WS1 古新聞紙を破らないように注意してできるだけ柔らかく揉み解す。
 ;どんなことに気づいたか?/柔らかい、別のものみたい、布のようだ、和紙みたい、/縮んだ、伸び縮みする、/気持いい、(包まれて)寝たい、ボーっとなれる、/手にインクが付いた、/その他


WS2 新聞紙を楽器に見立てていろんな音を出してみる
各グループで歌を決め演奏発表する/「かえるのうた」、「チューリップ」、「めだかの学校」、など
新聞紙を揉んだり、丸めてたたいたり、ひっぱったり、破ったりと、いろんな音が生まれた。さらに歌に合わせて合奏するとリズムや表情、音色など、即興的なグループ発表でしたが愉しい表現が生まれました。

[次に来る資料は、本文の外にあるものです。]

Lemma vcomm_nill b : veq (vcomm [::] b) [::].
Proof. exact: catVw. Qed.

Lemma vcomm_nilr a : veq (vcomm a [::]) [::].
Proof. by rewrite /vcomm /= cats0 catVw. Qed.

End ModuloGamma3.

#[global] Hint Resolve eqG3_refl : core.

Section WordPowers.
Local Open Scope ring_scope.
Variable n : nat.
Implicit Types (w : vword n) (k : int).

Definition wpow w (k : int) : vword n :=
  match k with
  | Posz m => flatten (nseq m w)
  | Negz m => flatten (nseq m.+1 (winv w))
  end.

Lemma wpow_addSl w k : veq (wpow w (1 + k)) (w ++ wpow w k).
Proof.
case: k => [m|[|m]]; first by [].
- by rewrite /= cats0 catwV.
- have -> : 1 + Negz m.+1 = Negz m by rewrite !NegzE; lia.
  by rewrite [wpow w (Negz m.+1)]/= catKVw.
Qed.

Lemma wpow_addNl w k : veq (wpow w (-1 + k)) (winv w ++ wpow w k).
Proof. by have := wpow_addSl w (-1 + k); rewrite addrA subrr add0r => ->; rewrite catKw. Qed.

Lemma wpow_add w k1 k2 : veq (wpow w (k1 + k2)) (wpow w k1 ++ wpow w k2).
Proof.
elim/int_rect: k1 => [|m IH|m IH]; first by rewrite add0r.
- have -> : (m.+1)%:Z + k2 = 1 + (m%:Z + k2) by lia.
  by rewrite wpow_addSl IH catA.
- have -> : - (m.+1)%:Z + k2 = -1 + (- m%:Z + k2) by lia.
  have -> : - (m.+1)%:Z = -1 + - m%:Z by lia.
  by rewrite !wpow_addNl IH catA.
Qed.

Lemma G2_wpow w k : G2 w -> G2 (wpow w k).
Proof.
by move=> Hw; case: k => m; apply: G2_flatten => x /nseqP[-> _] //; apply: vgen_inv.
Qed.

End WordPowers.

Section Abelianization.
Local Open Scope ring_scope.
Variable n : nat.
Implicit Types (F : vgen n -> int) (x : vletter n) (u v w a b : vword n).

Definition abel F w : int := \sum_(x <- w) (if x.2 then F x.1 else - F x.1).

Definition abel_trivial w := forall F, abel F w = 0.

Lemma abel_nil F : abel F [::] = 0.
Proof. exact: big_nil. Qed.

Lemma abel_cons F x w :
  abel F (x :: w) = (if x.2 then F x.1 else - F x.1) + abel F w.
Proof. exact: big_cons. Qed.

Lemma abel_cat F u v : abel F (u ++ v) = abel F u + abel F v.
Proof. exact: big_cat. Qed.

Lemma abel_winv F u : abel F (winv u) = - abel F u.
Proof.
rewrite /abel /winv big_rev big_map -sumrN.
by apply: eq_bigr => -[g []] _ /=; rewrite ?opprK.
Qed.

Lemma abel_trivial_cat u v : abel_trivial u -> abel_trivial v -> abel_trivial (u ++ v).
Proof. by move=> Hu Hv F; rewrite abel_cat Hu Hv addr0. Qed.

Lemma abel_trivial_winv u : abel_trivial u -> abel_trivial (winv u).
Proof. by move=> Hu F; rewrite abel_winv Hu oppr0. Qed.

Lemma abel_trivial_vcomm a b : abel_trivial (vcomm a b).
Proof. by move=> F; rewrite /vcomm !abel_cat !abel_winv; lia. Qed.

Lemma abel_trivial_vstep s :
  (exists x, s = [:: x; linv x]) \/ vrelator s -> abel_trivial s.
Proof.
move=> Hs F; rewrite /abel.
case: Hs => [[[g []] ->]|[[x [y [_ ->]]]|[x [y [z [_ [_ [_ [_ ->]]]]]]]]];
  rewrite !big_cons big_nil /=; lia.
Qed.

Lemma abel_veq F u v : veq u v -> abel F u = abel F v.
Proof.
elim=> {u v} [u v [a [b [s [-> [-> Hs]]]]]|//|u v _ -> //|u v w _ -> _ -> //].
by rewrite !abel_cat (abel_trivial_vstep Hs) add0r.
Qed.

Lemma G2_abel_trivial u : G2 u -> abel_trivial u.
Proof.
elim=> {u} [_ [a [b [_ ->]]]||u v _ Hu _ Hv|u _ Hu|u v Huv _ Hu].
- exact: abel_trivial_vcomm.
- by move=> F; rewrite /abel big_nil.
- exact: abel_trivial_cat.
- exact: abel_trivial_winv.
- by move=> F; rewrite -(abel_veq F Huv).
Qed.

End Abelianization.

Section SecondOrderInvariant.
Local Open Scope ring_scope.
Variable n : nat.
Variable beta : vgen n -> vgen n -> int.
Implicit Types (x : vletter n) (u v w a b s : vword n).

(* For w = x_1^e_1 ... x_m^e_m, quad w = sum_{p<q} e_p e_q beta x_p x_q. *)
Fixpoint quad w : int :=
  if w is x :: w' then
    (if x.2 then abel (beta x.1) w' else - abel (beta x.1) w') + quad w'
  else 0.

Definition cross u v : int := abel (fun g => abel (beta g) v) u.

Lemma quad_cat u v : quad (u ++ v) = quad u + quad v + cross u v.
Proof.
rewrite /cross; elim: u => [|[g e] u IH] /=; first by rewrite abel_nil; lia.
rewrite IH abel_cat abel_cons; case: e => /=; lia.
Qed.

Lemma cross_trivial_l u v : abel_trivial u -> cross u v = 0.
Proof. exact. Qed.

Lemma cross_trivial_r u v : abel_trivial v -> cross u v = 0.
Proof.
move=> Hv; rewrite /cross; elim: u => [|[g e] u IH]; first exact: abel_nil.
by rewrite abel_cons IH Hv; case: e; rewrite ?oppr0.
Qed.

Lemma cross_catr u v w : cross u (v ++ w) = cross u v + cross u w.
Proof.
rewrite /cross; elim: u => [|[g e] u IH]; first by rewrite !abel_nil addr0.
by rewrite !abel_cons IH abel_cat; case: e => /=; lia.
Qed.

Hypothesis beta_diag : forall g, beta g g = 0.
Hypothesis quad_relator : forall s, vrelator s -> quad s = 0.

Lemma quad_vstep u v : vstep u v -> quad u = quad v.
Proof.
case=> a [b [s [-> [-> Hs]]]]; have Zs := abel_trivial_vstep Hs.
have Qs : quad s = 0.
  case: Hs => [[[g e] ->]|/quad_relator //].
  by rewrite /= abel_cons abel_nil beta_diag; case: e => /=; lia.
by rewrite !quad_cat Qs cross_catr (cross_trivial_l _ Zs) (cross_trivial_r _ Zs); lia.
Qed.

Lemma quad_veq u v : veq u v -> quad u = quad v.
Proof. by elim=> {u v} [u v /quad_vstep|//|u v _ ->|u v w _ -> _ ->]. Qed.

Lemma quad_cat_trivial u v : abel_trivial u -> quad (u ++ v) = quad u + quad v.
Proof. by move=> Hu; rewrite quad_cat cross_trivial_l ?addr0. Qed.

Lemma quad_winv u : abel_trivial u -> quad (winv u) = - quad u.
Proof.
move=> Hu; apply/eqP; rewrite -addr_eq0 -quad_cat_trivial; last exact: abel_trivial_winv.
by rewrite (quad_veq (catVw u)).
Qed.

Lemma quad_wconj a b : abel_trivial a -> quad (wconj b a) = quad a.
Proof.
move=> Ha; have := quad_veq (catVw b).
rewrite /wconj !quad_cat cross_catr (cross_trivial_l _ Ha) (cross_trivial_r _ Ha) /=; lia.
Qed.

Lemma quad_G3 u : G3 u -> quad u = 0.
Proof.
have G3_trivial w : G3 w -> abel_trivial w by move/G3_G2/G2_abel_trivial.
elim=> {u} [_ [a [b [/G2_abel_trivial Ha ->]]]||u v Hu IHu _ IHv|u Hu IH|u v Huv _ IH].
- rewrite /vcomm quad_cat_trivial; last exact: abel_trivial_winv.
  by rewrite -/(wconj b a) quad_wconj // quad_winv // addNr.
- by [].
- by rewrite quad_cat_trivial ?IHu ?IHv ?addr0 //; apply: G3_trivial.
- by rewrite quad_winv ?IH ?oppr0 //; apply: G3_trivial.
- by rewrite -(quad_veq Huv).
Qed.

End SecondOrderInvariant.

Section RelatorForms.
Local Open Scope ring_scope.
Variable n : nat.
Variable D : vgen n -> vgen n -> int.
Implicit Types (g h : vgen n) (s : vword n).

Hypothesis D_anti : forall g h, D h g = - D g h.
Hypothesis D_commuting : forall g h,
  uniq [:: (val g).1; (val g).2; (val h).1; (val h).2] -> D g h = 0.
Hypothesis D_triangle : forall x y z,
  uniq [:: (val x).1; (val x).2; (val y).2] ->
  (val y).1 = (val x).1 -> (val z).1 = (val x).2 -> (val z).2 = (val y).2 ->
  D x y + D x z + D y z = 0.

Definition upper g h : int := if (enum_rank g < enum_rank h)%N then D g h else 0.

Lemma upper_diag g : upper g g = 0.
Proof. by rewrite /upper ltnn. Qed.

Lemma upper_anti g h : upper g h - upper h g = D g h.
Proof.
have := D_anti h g; have := D_anti g g.
by rewrite /upper; case: ltngtP => [_|_|/val_inj/enum_rank_inj ->]; lia.
Qed.

Lemma quad_upper_relator s : vrelator s -> quad upper s = 0.
Proof.
case=> [[x [y [Hu ->]]]|[x [y [z [Hu [Ey [Ez1 [Ez2 ->]]]]]]]].
- have := D_commuting Hu; have := upper_anti x y.
  rewrite /= !abel_cons abel_nil /= !upper_diag; lia.
- have := D_triangle Hu Ey Ez1 Ez2.
  have := upper_anti x y; have := upper_anti x z; have := upper_anti y z.
  rewrite /= !abel_cons abel_nil /= !upper_diag; lia.
Qed.

Lemma quad_upper_gcomm g h : quad upper (gcomm g h) = D g h.
Proof.
have := upper_anti g h.
rewrite /gcomm /vcomm /= !abel_cons abel_nil /= !upper_diag; lia.
Qed.

End RelatorForms.

Lemma card_pred_pair_dep (T1 T2 : finType) (P : pred T1) (Q : T1 -> pred T2) :
  #|[pred t : T1 * T2 | P t.1 && Q t.1 t.2]| = \sum_(x | P x) #|Q x|.
Proof.
rewrite -sum1_card -(pair_big_dep P Q (fun _ _ => 1)) /=.
by apply: eq_bigr => i _; rewrite sum1_card.
Qed.

Section Counting.
Variable n : nat.

Lemma card_ord_gt (i : 'I_n) : #|[pred j : 'I_n | i < j]| = n - i.+1.
Proof.
have sum_gt m k : \sum_(j < m) (if k < j then 1 else 0) = m - k.+1.
  elim: m => [|m IH]; first by rewrite big_ord0.
  by rewrite big_ord_recr /= IH; case: ltnP; lia.
by rewrite -sum1_card big_mkcond sum_gt.
Qed.

Lemma card_ord_lt_pairs : #|[pred p : 'I_n * 'I_n | p.1 < p.2]| = 'C(n, 2).
Proof.
rewrite (@card_pred_pair_dep _ _ predT (fun i j : 'I_n => i < j)).
under eq_bigr => i _ do rewrite card_ord_gt.
rewrite -bin2_sum big_mkord (reindex_inj rev_ord_inj) /=.
by apply: eq_bigr => i _; case: i => i /=; lia.
Qed.

Lemma card_ord_neq2 (i j : 'I_n) : i != j ->
  #|[pred k : 'I_n | (k != i) && (k != j)]| = n - 2.
Proof.
move=> ij; have := cardsC [set i; j]; rewrite cards2 ij card_ord.
have -> : #|~: [set i; j]| = #|[pred k : 'I_n | (k != i) && (k != j)]|.
  by apply: eq_card => k; rewrite !inE negb_or.
lia.
Qed.

Lemma card_ord_lt_pairs_third :
  #|[pred t : ('I_n * 'I_n) * 'I_n | (t.1.1 < t.1.2) && (t.2 != t.1.1) && (t.2 != t.1.2)]|
  = 'C(n, 2) * (n - 2).
Proof.
pose P (p : 'I_n * 'I_n) := p.1 < p.2.
pose Q (p : 'I_n * 'I_n) (k : 'I_n) := (k != p.1) && (k != p.2).
rewrite (@eq_card _ _ [pred t | P t.1 && Q t.1 t.2]); last by move=> t; rewrite !inE andbA.
rewrite card_pred_pair_dep (eq_bigr (fun _ => n - 2)); last first.
  by move=> p lt_p; rewrite card_ord_neq2 // neq_ltn [_ < _]lt_p.
by rewrite sum_nat_cond_const -card_ord_lt_pairs; congr (_ * _); apply: eq_card => p; rewrite inE.
Qed.

End Counting.

Section Basis.
Variable n : nat.

Definition pairs := {p : 'I_n * 'I_n | p.1 < p.2}.
Definition triples :=
  {t : ('I_n * 'I_n) * 'I_n | (t.1.1 < t.1.2) && (t.2 != t.1.1) && (t.2 != t.1.2)}.
(* inl (a, b) stands for [l_ab, l_ba], inr (inl (i, j, k)) for [l_ki, l_kj] and
   inr (inr (i, j, k)) for [l_ik, l_jk]. *)
Definition basis := (pairs + (triples + triples))%type.

Lemma card_basis : #|{: basis}| = n * (n - 1) * (2 * n - 3) %/ 2.
Proof.
rewrite !card_sum !card_sig card_ord_lt_pairs card_ord_lt_pairs_third.
have -> : n * (n - 1) = 2 * 'C(n, 2) by rewrite -mul_bin_diag bin1 subn1.
rewrite -mulnA mulKn //; have [n_lt2|n_ge2] := ltnP n 2; first by rewrite bin_small.
nia.
Qed.

End Basis.

Ltac rewrite_neq := repeat match goal with
  | h : is_true (?x != ?y) |- context [?x == ?y] => rewrite (negbTE h)
  | h : is_true (?x != ?y) |- context [?y == ?x] => rewrite [y == x]eq_sym (negbTE h)
  end; rewrite ?eqxx /=.

Section Coordinates.
Local Open Scope ring_scope.
Variable n : nat.
Implicit Types (bb : basis n) (a b c d i j k : 'I_n).

Definition oriented (f : 'I_n -> 'I_n -> int) a b : int :=
  if (a < b)%N then f a b else - f b a.

Lemma oriented_anti f a b : a != b -> oriented f b a = - oriented f a b.
Proof.
move=> ab; rewrite /oriented; case: ltngtP => [_|_|/val_inj ba]; rewrite ?opprK //.
by rewrite ba eqxx in ab.
Qed.

Definition coef_swap bb :=
  oriented (fun a b => if bb is inl p then Posz (val p == (a, b)) else 0).
Definition coef_head bb k :=
  oriented (fun i j => if bb is inr (inl t) then Posz (val t == (i, j, k)) else 0).
Definition coef_tail bb k :=
  oriented (fun i j => if bb is inr (inr t) then Posz (val t == (i, j, k)) else 0).

(* The coefficient of bb in [l_ab, l_cd] modulo Gamma_3; the last two cases are the
   triangle relation. *)
Definition pair_coord bb a b c d : int :=
  if (a == d) && (b == c) then coef_swap bb a b
  else if a == c then (if b == d then 0 else coef_head bb a b d)
  else if b == d then coef_tail bb b a c
  else if b == c then - (coef_head bb a b d + coef_tail bb d a b)
  else if a == d then coef_head bb c a b + coef_tail bb b c a
  else 0.

Lemma pair_coord_anti bb a b c d :
  a != b -> c != d -> pair_coord bb c d a b = - pair_coord bb a b c d.
Proof.
move=> ab cd; rewrite /pair_coord /coef_swap /coef_head /coef_tail.
have [?|ac] := eqVneq a c; have [?|ad] := eqVneq a d;
have [?|bc] := eqVneq b c; have [?|bd] := eqVneq b d; subst;
rewrite ?eqxx in ab cd *; rewrite_neq; try lia; by rewrite oriented_anti // eq_sym.
Qed.

Definition coord bb (g h : vgen n) : int :=
  pair_coord bb (val g).1 (val g).2 (val h).1 (val h).2.

Lemma coord_anti bb g h : coord bb h g = - coord bb g h.
Proof. exact: pair_coord_anti (valP g) (valP h). Qed.

Lemma coord_commuting bb g h :
  uniq [:: (val g).1; (val g).2; (val h).1; (val h).2] -> coord bb g h = 0.
Proof.
rewrite /= !inE !negb_or => /and4P[/and3P[ab ac ad] /andP[bc bd] cd _].
by rewrite /coord /pair_coord; rewrite_neq.
Qed.

Lemma coord_triangle bb x y z :
  uniq [:: (val x).1; (val x).2; (val y).2] ->
  (val y).1 = (val x).1 -> (val z).1 = (val x).2 -> (val z).2 = (val y).2 ->
  coord bb x y + coord bb x z + coord bb y z = 0.
Proof.
move=> + Ey Ez1 Ez2; rewrite /coord Ey Ez1 Ez2.
move: (val x).1 (val x).2 (val y).2 => k i j.
rewrite /= !inE !negb_or => /and3P[/andP[ki kj] ij _].
by rewrite /pair_coord; rewrite_neq; lia.
Qed.

End Coordinates.

Section CoordinateFunctionals.
Local Open Scope ring_scope.
Variable n : nat.
Implicit Types (bb : basis n) (p : pairs n) (t : triples n) (u v w s : vword n).

Definition mkgen (a b : 'I_n) (ab : a != b) : vgen n := exist _ (a, b) ab.

Lemma pair_neq p : (val p).1 != (val p).2.
Proof. by rewrite neq_ltn (valP p). Qed.
Lemma pair_neq_sym p : (val p).2 != (val p).1.
Proof. by rewrite eq_sym pair_neq. Qed.
Lemma triple_neq1 t : (val t).2 != (val t).1.1.
Proof. by case/andP: (valP t) => /andP[]. Qed.
Lemma triple_neq2 t : (val t).2 != (val t).1.2.
Proof. by case/andP: (valP t). Qed.
Lemma triple_neq1_sym t : (val t).1.1 != (val t).2.
Proof. by rewrite eq_sym triple_neq1. Qed.
Lemma triple_neq2_sym t : (val t).1.2 != (val t).2.
Proof. by rewrite eq_sym triple_neq2. Qed.

Definition basis_word bb : vword n :=
  match bb with
  | inl p => gcomm (mkgen (pair_neq p)) (mkgen (pair_neq_sym p))
  | inr (inl t) => gcomm (mkgen (triple_neq1 t)) (mkgen (triple_neq2 t))
  | inr (inr t) => gcomm (mkgen (triple_neq1_sym t)) (mkgen (triple_neq2_sym t))
  end.

Lemma G2_basis_word bb : G2 (basis_word bb).
Proof. by case: bb => [p|[t|t]]; apply: G2_gcomm. Qed.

WS3 残りの新聞紙でできるだけ高いタワーをつくる。制限時間は10分
グループワーク。限られた条件で目的に対してどう感じ考え解決策を見出すか。それぞれの方法で文字通り手探りでの応答でした。





ART は、HEART のかたち付け。HEART-HEART- とつなげるとEARTH 地球が見えてくる。身体で地球を感じることはアートの基本。地球は私たちをシャボン玉のように包み込んでおり、身近な息、熱、重さ、生き物、風、天気、季節、などなど足の裏や肌の身体全体で感じることが出来る。アートは、クリエイション=創造行為といわれるが、はたして何を創造するのですか?創造とはどういうことですか?この問いは、授業の課題です。各自、授業を通じてこの問いを深めて自らの解を探してください。